When I tell people that I follow the “eat whatever you want” diet, they do not understand what I mean.
When I tell my clients that they can eat whatever they want too, they look terrified. They are scared they are going to eat every single thing they have deprived themselves of since 1986… Snickers, Diet Dr. Pepper, Nerds, a bloomin onion, pepperoni pizza with garlic dipping sauce, nachos and cheese sauce, Betty Crocker icing straight from the jar and a side of the short-lived McDonald’s Arch Deluxe. In other words, they are scared they are going to eat like a half-baked University student with a hefty meal card to burn through.
If you choose to eat everything, that’s cool too! Sometimes after years of restriction you need to do that.
However, once your body and mind know that the restriction is over, eating what you want generally doesn’t mean eating everything in sight.
‘Eating whatever you want’ is a mindset shift that eliminates fears about food, restrictions, guilt and over-analysis. I thought I would clear up the confusion and put together a list that describes how I eat whatever I want.
Here are the basic principles that enable me to “eat whatever I want:”
#1) I understand the way that different foods feel in my body so I am empowered to make choices that are best for me. I know how different foods impact my mood, energy and digestion. This means I generally don’t choose the foods that make me feel not so great physically. Not because I’m trying to lose weight or restrict, but because I would prefer to not feel like shit run over twice. And if I eat those foods, I accept the consequences and move on. I also apologize in advance to anyone who is around me after I’ve had a blood sugar crash.
Untangling the physical reaction versus the emotional guilt-ridden reaction from a food is a game-changer!
#2) I don’t set rules or restrictions or timelines on myself. Ever. EVEEERRR. That means I never commit to “avoiding X for Y days.” That has only led to eating-all-the-things-times-a-gazillion.
#3) I see food as food. Food is neutral and I never call foods “good” or “bad” or “evil.” I can have them anytime I want…that’s the great thing about being a grown-ass adult.
#4) I don’t attach judgment or guilt to my food choices. If I eat 3 cupcakes, I accept it and I move on. Sure, I might think “geez, that third cupcake feels a little rotten in my stomach right now,” but I don’t beat myself up or feel a sense of panic that I’ve done something horribly wrong. I never restrict myself, “earn my indulgences” or try to “work it off” afterwards.
#5) I accept that I’m going to eat to numb my feelings sometimes and that’s OK. Newsflash: Everyone does it. When it happens, I don’t feel guilt or plan the 4 extra hours of working out I’ll need to cram in this week to “undo my sins.” I learn from the circumstances, move forward and know that it will likely happen again because I’m human.
#6) I go with the flow and never plan indulges… if my best friend brings her buttery, sugary, gluten-coma inducing homemade chocolate chip cookies to our lunch date, then you’re damn right I’m going to eat them! If she doesn’t, then I unfriend her on Facebook immediately.
#7) I understand the difference between desire and true hunger. Sometimes I eat solely for the sake of desire, but usually I eat because I’m hungry. To get to this point, I had to give myself permission to eat what I wanted, when I wanted. Food had to become neutral and abundant in my mind and body. And sometimes I just say f-it… life is good and so is this Skor Blizzard.

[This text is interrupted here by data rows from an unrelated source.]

Lemma cvg_dominated {FF : Filter F} (V W : normedModType K) (u : T -> V)
    (g : T -> W) (l : V) (p : W) (c : K) :
  0 <= c -> (forall t, `|g t - p| <= c * `|u t - l|) ->
  u @ F --> l -> g @ F --> p.
Proof.
move=> c0 gu /cvgrPdist_lt ul; apply/cvgrPdist_lt => e e0.
have c1 : 0 < c + 1 by rewrite ltr_wpDl.
have small : c * (e / (c + 1)) < e.
  by rewrite mulrCA gtr_pMr // ltr_pdivrMr // mul1r ltrDl.
apply: filterS (ul _ (divr_gt0 e0 c1)) => t ult.
rewrite distrC; apply: le_lt_trans (gu t) (le_lt_trans _ small).
by rewrite ler_wpM2l // distrC ltW.
Qed.

End NormedLimits.

Section ComplexLimits.
Variable R : realType.
Local Open Scope complex_scope.

Lemma complex_gt0 (z : R[i]) : 0 < z -> exists2 r : R, 0 < r & z = r%:C.
Proof. by case: z => a b; rewrite ltcE /= => /andP[/eqP -> a0]; exists a. Qed.

Lemma complex_Re_ge0 (z : R[i]) : 0 <= z -> (complex.Re z)%:C = z.
Proof. by case: z => a b; rewrite lecE /= => /andP[/eqP ->]. Qed.

Lemma normc_real (x : R) : `|x%:C| = `|x|%:C.
Proof. by rewrite normc_def /= expr0n addr0 sqrtr_sqr. Qed.

Lemma normc_Re_le (z : R[i]) : `|complex.Re z|%:C <= `|z|.
Proof. by rewrite normc_def lecR -sqrtr_sqr ler_wsqrtr // lerDl sqr_ge0. Qed.

Lemma normc_Im_le (z : R[i]) : `|complex.Im z|%:C <= `|z|.
Proof. by rewrite normc_def lecR -sqrtr_sqr ler_wsqrtr // lerDr sqr_ge0. Qed.

Lemma cvg_real_complex (T : Type) (F : set_system T) {FF : Filter F}
    (f : T -> R) (l : R) :
  f @ F --> l -> (fun t => (f t)%:C : R[i]^o) @ F --> (l%:C : R[i]^o).
Proof.
move=> /cvgrPdist_lt fl; apply/cvgrPdist_lt => _ /complex_gt0[e e0 ->].
by apply: filterS (fl e e0) => t; rewrite -raddfB normc_real ltcR.
Qed.

Variables (T : Type) (U : set_system T).
Context {UU : UltraFilter U}.

Lemma ultra_bounded_cvg_real (g : T -> R) (b : R) :
  (forall t, `|g t| <= b) -> exists p : R, g @ U --> p.
Proof.
move=> gb; apply: (ultra_compact_cvg (@segment_compact _ (- b) b)) => t.
by rewrite /= in_itv /= -ler_norml.
Qed.

Lemma ultra_bounded_cvg_complex (g : T -> R[i]^o) (b : R[i]) :
  (forall t, `|g t| <= b) -> exists p : R[i]^o, g @ U --> p.
Proof.
move=> gb.
have [x gx] : exists x : R, (fun t => complex.Re (g t)) @ U --> x.
  apply: (ultra_bounded_cvg_real (b := complex.Re b)) => t.
  by have := le_trans (normc_Re_le _) (gb t); rewrite lecE => /andP[].
have [y gy] : exists y : R, (fun t => complex.Im (g t)) @ U --> y.
  apply: (ultra_bounded_cvg_real (b := complex.Re b)) => t.
  by have := le_trans (normc_Im_le _) (gb t); rewrite lecE => /andP[].
exists (x%:C + 'i * y%:C).
rewrite (funext (fun t => complexE (g t))).
by apply: cvgD; [|apply: cvgMl_tmp]; exact: cvg_real_complex.
Qed.

End ComplexLimits.

Section Nets.
Variables (T : Type) (le : T -> T -> Prop).

Definition tail_filter : set_system T :=
  filter_from setT (fun t0 => [set t | le t0 t]).

Lemma tail_filter_proper : directed_set le -> ProperFilter tail_filter.
Proof.
case=> [[t0] le_refl le_transitive le_directed].
apply: filter_from_proper => [|t _]; last by exists t; exact: le_refl.
apply: filter_fromT_filter; first by exists t0.
move=> s t; have [u [su tu]] := le_directed s t.
by exists u => v uv; split; apply: le_transitive uv.
Qed.

Lemma net_lim_cvg (R : realType) (A : completeNormedModType R[i])
    (F : set_system T) {FF : Filter F} (u : T -> A) (l : A) :
  tail_filter `<=` F -> net_lim le u l -> u @ F --> l.
Proof.
move=> tailF ul; apply/cvgrPdist_lt => _ /complex_gt0[e e0 ->].
have [t0 ult] := ul e e0.
have tail_t0 : tail_filter [set t | le t0 t] by exists t0.
by apply: filterS (tailF _ tail_t0) => t /ult; rewrite distrC.
Qed.

End Nets.

Section BanachAlgebra.
Variables (R : realType) (A : completeNormedModType R[i]) (mul : A -> A -> A).
Hypothesis mulP : is_banach_algebra_mul mul.

Lemma bmulA a b c : mul a (mul b c) = mul (mul a b) c.
Proof. by case: mulP. Qed.

Lemma bmulZDl k a b c : mul (k *: a + b) c = k *: mul a c + mul b c.
Proof. by case: mulP. Qed.

Lemma bmulBr a b c : mul a (b - c) = mul a b - mul a c.
Proof.
case: mulP => _ _ mulZDr _.
by rewrite -scaleN1r addrC mulZDr scaleN1r addrC.
Qed.

Lemma norm_bmul_le a b : `|mul a b| <= `|a| * `|b|.
Proof. by case: mulP. Qed.

Variable I : set A.
Hypothesis Iideal : closed_ideal mul I.

Lemma closed_idealB x y : I x -> I y -> I (x - y).
Proof.
by case: Iideal => _ IZD _ _ _ Ix Iy; rewrite -scaleN1r addrC; apply: IZD.
Qed.

Lemma closed_idealMl a x : I x -> I (mul a x).
Proof. by case: Iideal => _ _ _ IMl _; apply: IMl. Qed.

Lemma closed_idealMr a x : I x -> I (mul x a).
Proof. by case: Iideal => _ _ _ _ IMr; apply: IMr. Qed.

End BanachAlgebra.

Section DualElements.
Variables (R : realType) (A : completeNormedModType R[i]).
Variables (I : set A) (f : A -> R[i]).
Hypothesis fI : dual_elt I f.

Lemma dual_eltD x y : I x -> I y -> f (x + y) = f x + f y.
Proof.
by case: fI => flin _ Ix Iy; have := flin 1 x y Ix Iy; rewrite scale1r mul1r.
Qed.

Lemma dual_eltB x y : I x -> I y -> f (x - y) = f x - f y.
Proof.
case: fI => flin _ Ix Iy.
by rewrite -scaleN1r addrC flin // mulN1r addrC.
Qed.

End DualElements.

Lemma derivation_into_dual_bound (R : realType) (A : completeNormedModType R[i])
    (mul : A -> A -> A) (I : set A) (D : A -> A -> R[i]) :
  derivation_into_dual mul I D ->
  exists2 c : R, 0 <= c & forall a x, I x -> `|D a x| <= c%:C%C * `|a| * `|x|.
Proof.
case=> _ _ [c D_le] _; exists (Num.max c 0) => [|a x Ix].
  by rewrite le_max lexx orbT.
apply: le_trans (D_le a x Ix) _.
by rewrite -!mulrA ler_wpM2r ?mulr_ge0 // lecR le_max lexx.
Qed.

Lemma inner_into_dual_restrict (R : realType) (A : completeNormedModType R[i])
    (mul : A -> A -> A) (I : set A) (D D' : A -> A -> R[i]) :
  inner_into_dual mul setT D' -> (forall a x, I x -> D' a x = D a x) ->
  inner_into_dual mul I D.
Proof.
move=> [z [[zlin [Cz z_le]] D'z]] D'D; exists z; split; first split.
- by move=> k x y _ _; apply: zlin.
- by exists Cz => x _; apply: z_le.
- by move=> a x Ix; rewrite -D'D // D'z.
Qed.

Section DerivationExtension.
Variables (R : realType) (A : completeNormedModType R[i]) (mul : A -> A -> A).
Hypothesis mulP : is_banach_algebra_mul mul.
Variables (I : set A) (D : A -> A -> R[i]) (c : R).
Hypotheses (Iideal : closed_ideal mul I) (Dder : derivation_into_dual mul I D).
Hypotheses (c_ge0 : 0 <= c)
  (D_le : forall a x, I x -> `|D a x| <= c%:C%C * `|a| * `|x|).
Variables (T : Type) (U : set_system T) (e : T -> A) (M : R).
Context {UU : UltraFilter U}.
Hypotheses (eI : forall t, I (e t)) (e_le : forall t, `|e t| <= M%:C%C).
Hypothesis e_right_unit : forall x, I x -> (fun t => mul x (e t)) @ U --> x.
Hypothesis e_quasi_central :
  forall a, (fun t => mul a (e t) - mul (e t) a) @ U --> 0.

(* Limits of complex-valued families are taken in [R[i]^o], the copy of
   [R[i]] that carries its normed topology. *)
Let D_net a y : T -> R[i]^o := fun t => D a (mul y (e t)).

Definition Dext a y : R[i] := lim (D_net a y @ U).

Let D_dual a : dual_elt I (D a). Proof. by case: Dder. Qed.

Lemma norm_D_mul_le a y z :
  I (mul y z) -> `|D a (mul y z)| <= c%:C%C * `|a| * (`|y| * `|z|).
Proof.
move=> Iyz; apply: le_trans (D_le a Iyz) _.
by rewrite ler_wpM2l ?mulr_ge0 ?ler0c ?norm_bmul_le.
Qed.

Lemma Dext_cvg a y : D_net a y @ U --> (Dext a y : R[i]^o).
Proof.
apply/cvg_ex.
apply: (ultra_bounded_cvg_complex (b := c%:C%C * `|a| * (`|y| * M%:C%C))) => t.
apply: le_trans (norm_D_mul_le _ (closed_idealMl Iideal _ (eI t))) _.
by rewrite ler_wpM2l ?mulr_ge0 ?ler0c // ler_wpM2l.
Qed.

Lemma Dext_lim a y (p : R[i]^o) : D_net a y @ U --> p -> Dext a y = p.
Proof. exact: norm_cvg_lim. Qed.

Lemma Dext_eq a x : I x -> Dext a x = D a x.
Proof.
move=> Ix; apply: Dext_lim.
apply: (cvg_dominated (c := c%:C%C * `|a|)) (e_right_unit Ix).
  by rewrite mulr_ge0 ?ler0c.
move=> t; rewrite /D_net -(dual_eltB (D_dual a)) //.
  by apply/D_le/(closed_idealB Iideal) => //; exact: (closed_idealMl Iideal).
exact: (closed_idealMl Iideal).
Qed.

Lemma norm_Dext_le a y : `|Dext a y| <= (c * M)%:C%C * `|a| * `|y|.
Proof.
have -> : (c * M)%:C%C * `|a| * `|y| = c%:C%C * `|a| * (`|y| * M%:C%C).
  by rewrite rmorphM /=; ring.
apply: cvg_norm_le (@Dext_cvg a y) _ => t.
apply: le_trans (norm_D_mul_le _ (closed_idealMl Iideal _ (eI t))) _.
by rewrite ler_wpM2l ?mulr_ge0 ?ler0c // ler_wpM2l.
Qed.

Lemma Dext_dual a : dual_elt setT (Dext a).
Proof.
split=> [k x y _ _ | ].
  apply: Dext_lim.
  have -> : D_net a (k *: x + y) = fun t => k * D_net a x t + D_net a y t.
    apply: funext => t; rewrite /D_net (bmulZDl mulP).
    by case: (D_dual a) => -> //; exact: (closed_idealMl Iideal).
  exact: cvgD (cvgMl_tmp (@Dext_cvg a x)) (@Dext_cvg a y).
exists (c * M * complex.Re `|a|) => y _.
by rewrite rmorphM /= complex_Re_ge0 //; exact: norm_Dext_le.
Qed.

Lemma DextZD k a b y : Dext (k *: a + b) y = k * Dext a y + Dext b y.
Proof.
apply: Dext_lim.
have -> : D_net (k *: a + b) y = fun t => k * D_net a y t + D_net b y t.
  apply: funext => t; case: Dder => _ D_linear _ _.
  by rewrite /D_net D_linear //; exact: (closed_idealMl Iideal).
exact: cvgD (cvgMl_tmp (@Dext_cvg a y)) (@Dext_cvg b y).
Qed.

Lemma Dext_leibniz a b x :
  Dext (mul a b) x = Dext b (mul x a) + Dext a (mul b x).
Proof.
have Icomm t : I (mul (e t) a - mul a (e t)).
  by apply: (closed_idealB Iideal); [exact: (closed_idealMr Iideal) |
                                     exact: (closed_idealMl Iideal)].
have commutator_cvg0 :
    (fun t => D b (mul x (mul (e t) a - mul a (e t))) : R[i]^o) @ U --> 0.
  apply: (cvg_dominated (c := c%:C%C * `|b| * `|x|)) (e_quasi_central a).
    by rewrite !mulr_ge0 ?ler0c.
  move=> t; rewrite !subr0 distrC -[_ * `|_ - _|]mulrA.
  by apply: norm_D_mul_le; exact: (closed_idealMl Iideal).
apply: Dext_lim.
have -> : D_net (mul a b) x = fun t =>
    D_net b (mul x a) t + D b (mul x (mul (e t) a - mul a (e t)))
    + D_net a (mul b x) t.
  apply: funext => t; case: Dder => _ _ _ D_leibniz.
  rewrite /D_net D_leibniz; last exact: (closed_idealMl Iideal).
  rewrite (bmulA mulP); congr (_ + _).
  rewrite -(dual_eltD (D_dual b)); last 2 first.
  1,2: exact: (closed_idealMl Iideal).
  by rewrite (bmulBr mulP) !(bmulA mulP) addrC subrK.
rewrite -[Dext b (mul x a)]addr0.
exact: cvgD (cvgD (@Dext_cvg b (mul x a)) commutator_cvg0)
            (@Dext_cvg a (mul b x)).
Qed.

Lemma Dext_derivation : derivation_into_dual mul setT Dext.
Proof.
split=> [a | k a b y _ | | a b y _]; [exact: Dext_dual | exact: DextZD | |
                                      exact: Dext_leibniz].
by exists (c * M) => a y _; exact: norm_Dext_le.
Qed.

End DerivationExtension.

Theorem corollary3p5 (R : realType) (A : completeNormedModType (R[i])%C)
  (mul : A -> A -> A) :
  is_banach_algebra_mul mul ->
  weakly_amenable mul ->
  (forall I : set A, closed_ideal mul I -> has_quasi_central_bai mul I) ->
  ideally_amenable mul.
Proof.
move=> mulP WA qcbai I Iideal D Dder.
have [T [le [e [le_directed eI [M e_le] e_bai e_qc]]]] := qcbai I Iideal.
have [U [UU tailU]] := ultraFilterLemma (tail_filter_proper le_directed).
have [c c_ge0 D_le] := derivation_into_dual_bound Dder.
have e_right_unit x : I x -> (fun t => mul x (e t)) @ U --> x.
  by move=> Ix; exact: net_lim_cvg tailU (e_bai x Ix).1.
have e_quasi_central a : (fun t => mul a (e t) - mul (e t) a) @ U --> 0.
  exact: net_lim_cvg tailU (e_qc a).
apply: inner_into_dual_restrict.
  exact/WA/(Dext_derivation mulP Iideal Dder c_ge0 D_le eI e_le
             e_quasi_central).
by move=> a x; exact: (Dext_eq Iideal Dder c_ge0 D_le eI e_right_unit a).
Qed.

#8) I sometimes overeat. I always move the hell on.
Sidenote: I actually discourage clients from using the word ‘overeat’ because it implies some magical amount of fullness that we need to achieve.
#9) I take it day by day and accept that sometimes I’m going to eat a lot more take-out and greasy food and other times I’m going to want to eat a lot more homemade foods and vegetables.

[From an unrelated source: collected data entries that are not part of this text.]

Section HierarchicalPosterior.
Variables (V : finType) (root : V) (pa : V -> V).
Variables (R : realFieldType) (sigma0 : V -> R) (sigma : R) (acts : seq V).
Hypothesis tree : is_rooted_tree root pa.
Hypothesis sigma0_gt0 : forall i, 0 < sigma0 i.
Hypothesis sigma_gt0 : 0 < sigma.
Hypothesis acts_leaves : all (is_leaf root pa) acts.

Local Notation children := (children root pa).
Local Notation depth := (depth root pa).
Let q v := sigma0 v ^+ 2.
Let s := sigma ^+ 2.
Let D := dprec root pa sigma0 sigma acts.
Let tau v := tilde_inv (D v) (sigma0 v).
Let h := hat_var root pa sigma0 sigma acts.

Definition shrink (v : V) : R := h v / sigma0 v ^+ 2.

Lemma dprec_fuel_stable f i : (#|V| <= depth i + f)%N ->
  dprec_fuel root pa sigma0 sigma acts f i = dprec_fuel root pa sigma0 sigma acts f.+1 i.
Proof.
elim: f i => [|f IHf] i le_card.
  by have := depth_lt_card tree i; rewrite ltnNge -(addn0 (depth i)) le_card.
rewrite [LHS]/= [RHS]/=; case: ifP => // _; apply: eq_big_seq => c c_child.
by congr tilde_inv; apply: IHf; rewrite (depth_child tree c_child) addSn -addnS.
Qed.

Lemma dprec_children v : D v = (nobs acts v)%:R / s + \sum_(c <- children v) tau c.
Proof.
have nobs_internal : ~~ is_leaf root pa v -> nobs acts v = 0%N.
  move=> v_internal; apply/count_memPn; apply: contra v_internal.
  exact: (allP acts_leaves).
rewrite /D /dprec; have : (0 < #|V|)%N by apply: leq_ltn_trans (depth_lt_card tree v).
case card_V: #|V| => [//|n] _ /=; case: ifP => [/nilP -> | /negbT/nobs_internal ->].
  by rewrite big_nil addr0.
rewrite mul0r add0r; apply: eq_big_seq => c c_child; rewrite /tau /D /dprec card_V.
congr tilde_inv; apply: dprec_fuel_stable.
by rewrite card_V (depth_child tree c_child) addSn -addnS leq_addl.
Qed.

Lemma tilde_inv_ge0 (p s0 : R) : 0 <= p -> 0 <= tilde_inv p s0.
Proof.
by rewrite /tilde_inv; case: eqP => // _ p_ge0; rewrite invr_ge0 addr_ge0 ?sqr_ge0 ?invr_ge0.
Qed.

Lemma dprec_ge0 v : 0 <= D v.
Proof.
elim/(tree_ind tree): v => v IHv; rewrite dprec_children addr_ge0 //.
  by rewrite divr_ge0 ?ler0n ?sqr_ge0.
by rewrite big_seq sumr_ge0 // => c c_child; apply/tilde_inv_ge0/IHv.
Qed.

Lemma q_gt0 v : 0 < q v.
Proof. by rewrite exprn_gt0. Qed.

Lemma s_gt0 : 0 < s.
Proof. by rewrite exprn_gt0. Qed.

Lemma shrink_denom_gt0 v : 0 < 1 + q v * D v.
Proof. by rewrite ltr_wpDr ?mulr_ge0 ?dprec_ge0 ?ltW ?q_gt0. Qed.

Lemma shrinkE v : shrink v = (1 + q v * D v)^-1.
Proof.
have := q_gt0 v; have := shrink_denom_gt0 v.
rewrite /shrink /h /hat_var -/D -/(q v); move: (q v) (D v) => Q d ratio_gt0 Q_gt0.
by field; rewrite !gt_eqF.
Qed.

Lemma hat_varE v : h v = q v * shrink v.
Proof. by rewrite /shrink mulrC divfK // gt_eqF ?q_gt0. Qed.

Lemma tilde_invE v : tau v = D v * shrink v.
Proof.
rewrite /tau /tilde_inv shrinkE; case: eqP => [->|/eqP d_neq0]; first by rewrite mul0r.
have := shrink_denom_gt0 v; have := q_gt0 v; rewrite /q.
by move: (D v) d_neq0 => d d_neq0 Q_gt0 ratio_gt0; field; rewrite d_neq0 !gt_eqF.
Qed.

Lemma shrink_complement v : q v * D v * shrink v = 1 - shrink v.
Proof.
have := shrink_denom_gt0 v; rewrite shrinkE; move: (q v * D v) => t ratio_gt0.
by field; rewrite gt_eqF.
Qed.

Lemma eq_mod_shrink v (l r k : R) :
  l - r = k * (q v * D v * shrink v - (1 - shrink v)) -> l = r.
Proof. by rewrite shrink_complement subrr mulr0 => /eqP; rewrite subr_eq0 => /eqP. Qed.

Variable a : V.

(* [cov_a v] is Cov(theta_v, theta_a | H_t) and [gain_a v], for v an ancestor of a, the posterior
   regression coefficient of theta_a on theta_v. *)
Let cov_a v := tree_cov pa shrink h v a.
Let gain_a v := path_gain pa shrink v a.
Let obs_sum v := \sum_(u <- acts) (ancb pa v u)%:R * cov_a u.

Lemma obs_sum_children v :
  obs_sum v = (nobs acts v)%:R * cov_a v + \sum_(c <- children v) obs_sum c.
Proof.
rewrite /obs_sum; under eq_bigr => u _ do rewrite (ancb_children tree R v u) mulrDl mulr_suml.
by rewrite big_split /= sumr_eq_count exchange_big.
Qed.

Lemma child_balance v c : c \in children v ->
  D c * cov_a c - (ancb pa c a)%:R * gain_a c = tau c * cov_a v - (ancb pa c a)%:R * gain_a v.
Proof.
rewrite mem_children => /andP [/eqP <-{v} c_neq_root].
rewrite tilde_invE; case: (boolP (ancb pa c a)) => [c_a|c_na]; last first.
  by rewrite /cov_a (tree_cov_pa tree) // !mul0r mulrA.
have pc_a := ancb_trans tree (ancb_pa tree c) c_a.
rewrite /cov_a /gain_a (tree_cov_ancb tree _ _ c_a) (tree_cov_ancb tree _ _ pc_a).
rewrite (path_gain_trans tree _ (ancb_pa tree c) c_a) (path_gain_pa tree) //.
rewrite (tree_cov_pa_diag tree) // hat_varE.
by apply: (eq_mod_shrink (k := path_gain pa shrink c a)); rewrite /= /D; ring.
Qed.

Lemma obs_sum_divE v :
  obs_sum v / s = (ancb pa v a)%:R - ((ancb pa v a)%:R * gain_a v - D v * cov_a v).
Proof.
elim/(tree_ind tree): v => v IHv.
have children_sum : \sum_(c <- children v) obs_sum c / s =
    ((ancb pa v a)%:R - (a == v)%:R) * (1 - gain_a v) + (\sum_(c <- children v) tau c) * cov_a v.
  rewrite (ancb_children tree R v a) [_ + \sum_(c <- _) _]addrC addrK.
  rewrite !mulr_suml -big_split; apply: eq_big_seq => c c_child /=.
  by rewrite IHv // opprB (child_balance c_child); ring.
have at_a : (a == v)%:R * (1 - gain_a v) = 0.
  by case: eqVneq => [<-|_]; rewrite ?mul0r // /gain_a path_gain_refl subrr mulr0.
rewrite obs_sum_children mulrDl mulr_suml children_sum mulrBl at_a subr0 dprec_children.
by ring.
Qed.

#10) I tune into my body and give it what it needs on a day-to-day basis as much as I can. That means I don’t use a meal template and I go through phases where I eat different amounts of carbs, fruits, fats, sweets etc. By doing this, I rarely have cravings.
#11) I trust myself around food and I never over-analyze my choices.

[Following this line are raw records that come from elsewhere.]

(* Let $\mathbb{F}$ be a field and let $n>4$ be an integer. If $\mathcal{A}$ is a unital $\mathbb{F}$-algebra with $\dim\mathcal{A}=n$ and $l(\mathcal{A})>2^{n-3}$, then $l(\mathcal{A})=2^{n-3}+2^{p}$ for some $p\in\{0,\ldots,n-3\}$.
   Context: All algebras are finite-dimensional, unital, not necessarily associative algebras over the field $\mathbb{F}$. For a finite generating set $S$ of an algebra $\mathcal{A}$, a word in $S$ is any product (with any bracketing) of finitely many elements of $S$; its length is the number of factors, and $1$ is a word of length $0$. $L_i(S)$ is the linear span of all words in $S$ of length at most $i$. The length of $S$ is $l(S)=\min\{k\ge0: L_k(S)=\mathcal{A}\}$, and $l(\mathcal{A})=\max\{l(S): S\text{ a finite generating set of }\mathcal{A}\}$. *)

From HB Require Import structures.
From mathcomp Require Import all_boot all_order all_algebra.
Set Implicit Arguments. Unset Strict Implicit. Unset Printing Implicit Defensive.
Import GRing.Theory.
Local Open Scope ring_scope.

(* A unital, not necessarily associative, algebra of dimension n over the
   field F, realised on the coordinate space 'rV[F]_n (any n-dimensional
   F-algebra is isomorphic to one of these). *)
Record unital_algebra (F : fieldType) (n : nat) := UnitalAlgebra {
  amul : 'rV[F]_n -> 'rV[F]_n -> 'rV[F]_n;
  aone : 'rV[F]_n;
  amulDl : forall (a : F) (x y z : 'rV[F]_n),
      amul (a *: x + y) z = a *: amul x z + amul y z;
  amulDr : forall (a : F) (x y z : 'rV[F]_n),
      amul x (a *: y + z) = a *: amul x y + amul x z;
  amul1l : forall x, amul aone x = x;
  amul1r : forall x, amul x aone = x
}.

Inductive word : Type :=
| WGen of nat
| WMul of word & word.

Fixpoint wlen (w : word) : nat :=
  match w with WGen _ => 1%N | WMul u v => (wlen u + wlen v)%N end.

Fixpoint wvalid (m : nat) (w : word) : bool :=
  match w with WGen i => (i < m)%N | WMul u v => wvalid m u && wvalid m v end.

#12) I never attach guilt or judgment to my food choices.
#13) I sometimes eat: when I’m not hungry, past comfortable fullness, when watching TV (make that always), standing up and mindlessly. Oh yeah, I break all the rules…even the mindful eating ones!
#14) I accept that my body is going to do what it wants to do (from a weight perspective) and I have stopped fighting against it.
#15) I prioritize working on self-worth and compassion so that my choices are no longer dictated by a desire to manipulate or control my body.
The biggest thing that I did to facilitate this change was by changing the way that I think about food: By having compassion and forgiveness for myself, by ending my obsession with wanting to lose weight and for accepting my body for what it is right now.
Life is so much more fun when you are not obsessing over food or your body. Trust me.